Monette’s Borrowed Time is a record of the AIDS calamity during the 1980s and its impact on the gay community. He can be labeled as one of the prophets because the memoir was one of the first books considering the topic to such a large measure. As he does not have any other choice, Monette proves an enormous mental fortitude and toughness when forcibly becoming reconciled with death, which surrounds him, and taking care of his dying friend, Roger. He gives an account of a relatively short period of time which dramatically changed the rest of his life in an exceptionally sensitive way, which simply cannot leave the reader indifferent. “Putting off as long I could the desolate waking to life alone – this calamity that is all mine, that will not end till I do” (Monette 342). Shock, confusion, anger, grief, the guilt of the survivor, depression and panic are counterweighted with indefatigable human determination not to give up own living and a discovery of eternity that can be hidden in one single moment.

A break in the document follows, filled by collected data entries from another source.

Lemma coord_frac_f_inj x y : coord g x = coord g y ->
  (fun j => frac (f x j)) = (fun j => frac (f y j)) -> x = y.
Proof.
move=> cxy fxy; apply/eqP; rewrite -subr_eq0; apply/eqP; apply: f_kernel => [i|j].
  by apply: (addIr (coord g y i)); rewrite -coordD // subrK cxy add0r.
have fx_fy : eqmodZ (f x j) (f y j).
  apply: eqmodZ_trans (eqmodZ_frac _) _.
  by rewrite (congr1 (fun b => b j) fxy); apply/eqmodZ_sym/eqmodZ_frac.
have := eqmodZ_sym (@f_add (x - y) y Logic.I Logic.I j); rewrite subrK.
by move/eqmodZ_trans/(_ fx_fy); rewrite /eqmodZ addrK.
Qed.
End Normalization.

Lemma adapted_embedding : countable_group G ->
  exists (a : G -> I -> rat) (b : G -> J -> rat),
    dsum_monomorphism a b /\
    (forall i, a (g i) i = 1 /\ (forall i', i' <> i -> a (g i) i' = 0)
               /\ (forall j, b (g i) j = 0)) /\
    (forall j, (forall i, a (h j) i = 0) /\ b (h j) j = 1 / 2
               /\ (forall j', j' <> j -> b (h j) j' = 0)).
Proof.
move=> [e e_inj]; pose xs n := epsilon (inhabits 0) (fun x : G => e x = n).
have xs_e : cancel e xs.
  by move=> x; apply: e_inj; apply: (epsilon_spec _ (fun y => e y = e x)); exists x.
have [f [f_add f_ext f_fin]] :=
  extension_modZ xs_e (subgroup_span L) half_coef_additive half_coef_finsupp.
have Lg i : L (g i) by left; exists i.
have Lh j : L (h j) by right; exists j.
exists (coord g), (fun x j => frac (f x j)); split; [|split].
- split; first exact: coord_dyadic.
  split; first exact: frac_f_dyadic.
  split; first exact: coord_finsupp.
  split; first exact: frac_f_finsupp.
  split; first exact: coordD.
  split; first exact: frac_f_additive.
  exact: coord_frac_f_inj.
- move=> i; have [gi gi'] := coord_g g_inj g_inf indg q2g i.
  by do !split=> //; move=> j; rewrite frac_f_L //; case: eqP => // /g_neq_h.
- move=> j; split; first by move=> i; apply: (coord_torsion g_inf indg q2g (k := 1)); rewrite h2.
  split; first by rewrite frac_f_L // eqxx.
  by move=> j' j'j; rewrite frac_f_L //; case: eqP => // /h_inj /esym.
Qed.
Lemma pd_bracket g h x l : Ck Dom 2 g -> Ck Dom 2 h -> Dom x -> (l < 6)%nat ->
  pd l (bracket P g h) x =
  bracket_pd (P x) (dPi x) (grad g x) (grad h x) (hess g x) (hess h x) l.
Proof.
  intros Hg Hh Hx Hl. apply pd_unique.
  eapply derivable_pt_lim_eq.
  - apply derivable_pt_lim_sum_f_R0. intros i Hi.
    apply derivable_pt_lim_sum_f_R0. intros j Hj.
    apply derivable_pt_lim_mult3.
    + apply pd_spec. apply (Ck2_inv Dom g i l Hg); [lia | exact Hl | exact Hx].
    + apply (derivable_pt_lim_ext (fun t => eval (ePi i j) (upd x l t))).
      * intro t. symmetry. apply Pi_eval.
      * apply derivable_pt_lim_eval, defined_ePi, Hx.
    + apply pd_spec. apply (Ck2_inv Dom h j l Hh); [lia | exact Hl | exact Hx].
  - cbv beta. rewrite upd_id. unfold bracket_pd, qform. rewrite <- !sum6_plus.
    apply sum6_ext. intros i _. rewrite <- !sum6_plus. apply sum6_ext. intros j _.
    unfold grad, hess, dPi, P. rewrite Pi_eval. ring.
Qed.

Lemma Pi_Poisson : Poisson_on Dom P.
Proof.
  intros f g h Hf Hg Hh x Hx.
  assert (Hbb : forall u v w, smooth_on Dom v -> smooth_on Dom w ->
    bracket P u (bracket P v w) x =
    qform (P x) (grad u x)
      (bracket_pd (P x) (dPi x) (grad v x) (grad w x) (hess v x) (hess w x))).
  { intros u v w Hv Hw. apply sum6_ext. intros k _. apply sum6_ext. intros l Hl.
    unfold grad at 2. now rewrite pd_bracket by auto. }
  rewrite !Hbb by assumption.
  apply jacobi_algebraic.
  - now apply jacobiator_Pi.
  - intros. apply Pi_skew.
  - apply (hess_symm Dom); [exact Dom_open | apply Hf | exact Hx].
  - apply (hess_symm Dom); [exact Dom_open | apply Hg | exact Hx].
  - apply (hess_symm Dom); [exact Dom_open | apply Hh | exact Hx].
Qed.

Lemma Cas_Casimir : Casimir_on Dom P (Cas c N n n1 n2).
Proof.
  replace (Cas c N n n1 n2) with (eval (eCas))
    by (apply functional_extensionality; intro x; symmetry; apply Cas_eval).
  split.
  - intro k. apply Ck_eval; [exact Dom_open | apply defined_eCas].
  - intros x Hx i Hi. rewrite <- (Pi_grad_Cas x i Hx Hi).
    apply sum_eq. intros j _. now rewrite pd_eval by now apply defined_eCas.
Qed.

End RigidBody.

Theorem mainTheorem9 (c N n n1 n2 : R) :
  Poisson_on Dom (Pi (mu1 c N n n1 n2) (mu2 c N n n1 n2) (mu3 c N n n1 n2)) /\
  Casimir_on Dom (Pi (mu1 c N n n1 n2) (mu2 c N n n1 n2) (mu3 c N n n1 n2))
    (Cas c N n n1 n2).
Proof. split; [apply Pi_Poisson | apply Cas_Casimir]. Qed.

We must not neglect to mention that the memoirs are not only the stories of a certain period of their lives; they give us also a powerful testimony to political, cultural and social events of a particular time. We learn about folk habits, popular books and plays, governmental strategies, foreign countries and many other topical issues. The memoirists attach great importance to the context of their living to let the reader merge with them and, together with them, experience their emotional turmoil - Symonds’ hardships caused by social limitations, Isherwood’s deep-seated disdain for nationalist ideology, and Monette’s fear of death and the notion of fatality.